For instance, we successfully implemented our tobacco-free workplace policy in 2007. For us, it wasn’t just about institutionalizing the policy; it was about offering employees and their families positive, non-judgmental ways to help them stop smoking for good. Today we’re sharing what we’ve learned with interested governments such as the USA, China, and Japan. These conversations with country and company leaders are contributing to an emerging gold standard for tobacco-free workplaces worldwide.
Leading by example is important for us. Once we implement a new wellness policy or approach, we are keen to learn from it, as well as share our toolkits for change and the insights we’ve gained from applying the policy in markets and communities globally.
Me: Have you been able to tie your wellness efforts to your company performance?
Fik: This is challenging question. We can’t make a direct link between wellness and profitability, at least not yet. Part of our business dynamic is to acquire and divest companies; with an organization constantly in flux like ours, it would be hard to say what role wellness efforts alone play in business performance. We do see the impact between our focus on wellness and employee engagement however. As an example, employee engagement scores are significantly better in our workplaces where we’ve helped employees (about 50,000 so far) focus on their ultimate mission and life purpose through our Energy for Performance in Life program.

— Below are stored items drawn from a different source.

(* Let $(\mathcal G_{yz},\beta)$ be obtained from $(\mathcal G_x,\alpha)$ by decomposing the node $x$ into $y$ and $z$, and assume the FCFS chains $W_x$ and $W_{yz}$ are positive recurrent. Let $\mathbb E[Q_x]$ and $\mathbb E[Q_{yz}]$ be the stationary mean word lengths (mean numbers of items) of $W_x$ and $W_{yz}$. Then $\mathbb E[Q_x]=\mathbb E[Q_{yz}]$.
   Context: A matching model consists of a finite connected simple graph and an arrival distribution on its nodes with positive entries. Under FCFS, the state is the word of unmatched item classes in order of arrival; an arriving item of class $i$ deletes the oldest letter of the word that is a neighbour of $i$, and if there is none $i$ is appended. Decomposition: given $\mathcal G_x=(\mathcal V,\xi)$ with node $x$ and arrival distribution $\alpha$, $\mathcal G_{yz}$ has node set $(\mathcal V\setminus\{x\})\cup\{y,z\}$ with $y,z$ new nodes; edges among $\mathcal V\setminus\{x\}$ are as in $\mathcal G_x$, each of $y$ and $z$ is adjacent exactly to the neighbours of $x$ in $\mathcal G_x$ (so $y,z$ are not adjacent), and the arrival distribution $\beta$ satisfies $\beta_y>0$, $\beta_z>0$, $\beta_y+\beta_z=\alpha_x$, $\beta_i=\alpha_i$ for $i\ne x$. *)

From HB Require Import structures.
From mathcomp Require Import all_boot all_order all_algebra.
From mathcomp Require Import all_classical all_reals all_analysis.
Set Implicit Arguments. Unset Strict Implicit. Unset Printing Implicit Defensive.
Import Order.TTheory GRing.Theory Num.Theory.
Local Open Scope ring_scope.
Local Open Scope classical_set_scope.

Section MatchingModel.
Variables (R : realType) (V : finType).

Definition matching_model (e : rel V) (alpha : V -> R) : Prop :=
  [/\ symmetric e, irreflexive e, (forall u v, connect e u v),
      (forall v, 0 < alpha v) & \sum_(v : V) alpha v = 1].

(* FCFS dynamics: an arriving item of class i deletes the oldest letter of the
   word w that is a neighbour of i; if there is none, i is appended. *)
Definition fcfs_step (e : rel V) (w : seq V) (i : V) : seq V :=
  let k := find (e i) w in
  if (k < size w)%N then take k w ++ drop k.+1 w else rcons w i.

Definition fcfs_trans (e : rel V) (alpha : V -> R) (w w' : seq V) : R :=
  \sum_(i : V | fcfs_step e w i == w') alpha i.

(* hit_prob n w = probability that the chain started at w hits the empty word
   for the first time at time exactly n. *)
Fixpoint hit_prob (e : rel V) (alpha : V -> R) (n : nat) (w : seq V) : R :=
  match n with
  | 0 => (w == [::])%:R
  | n'.+1 => if w == [::] then 0
             else \sum_(i : V) alpha i * hit_prob e alpha n' (fcfs_step e w i)
  end.

(* return_prob n = probability that the chain started at the empty word
   returns to the empty word for the first time at time exactly n (n >= 1). *)
Definition return_prob (e : rel V) (alpha : V -> R) (n : nat) : R :=
  match n with
  | 0 => 0
  | n'.+1 => \sum_(i : V) alpha i * hit_prob e alpha n' (fcfs_step e [::] i)
  end.

(* Positive recurrence of the FCFS chain (at the empty word, which is
   reachable from every state): the return time to the empty word is a.s.
   finite and has finite expectation. *)
Definition positive_recurrent (e : rel V) (alpha : V -> R) : Prop :=
  ((\sum_(n <oo) (return_prob e alpha n)%:E) = 1)%E /\
  ((\sum_(n <oo) ((n%:R * return_prob e alpha n)%:E)) < +oo)%E.

Definition stationary (e : rel V) (alpha : V -> R) (pi : seq V -> R) : Prop :=
  [/\ (forall w, 0 <= pi w),
      (\esum_(w in [set: seq V]) (pi w)%:E = 1)%E &
      (forall w', (pi w')%:E =
         \esum_(w in [set: seq V]) (pi w * fcfs_trans e alpha w w')%:E)].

The question you’re asking me is: Does a corporation that prioritizes health and wellbeing do better in terms of its bottom line? To help our company and other organizations integrate wellbeing in how business success is measured, we recently developed the Health And Performance Index. We’re currently validating this tool inside and outside J&J. We’ll share what we learn from it with any organization, community, or person on this wellness journey. We believe health and wellbeing is mission critical for us all.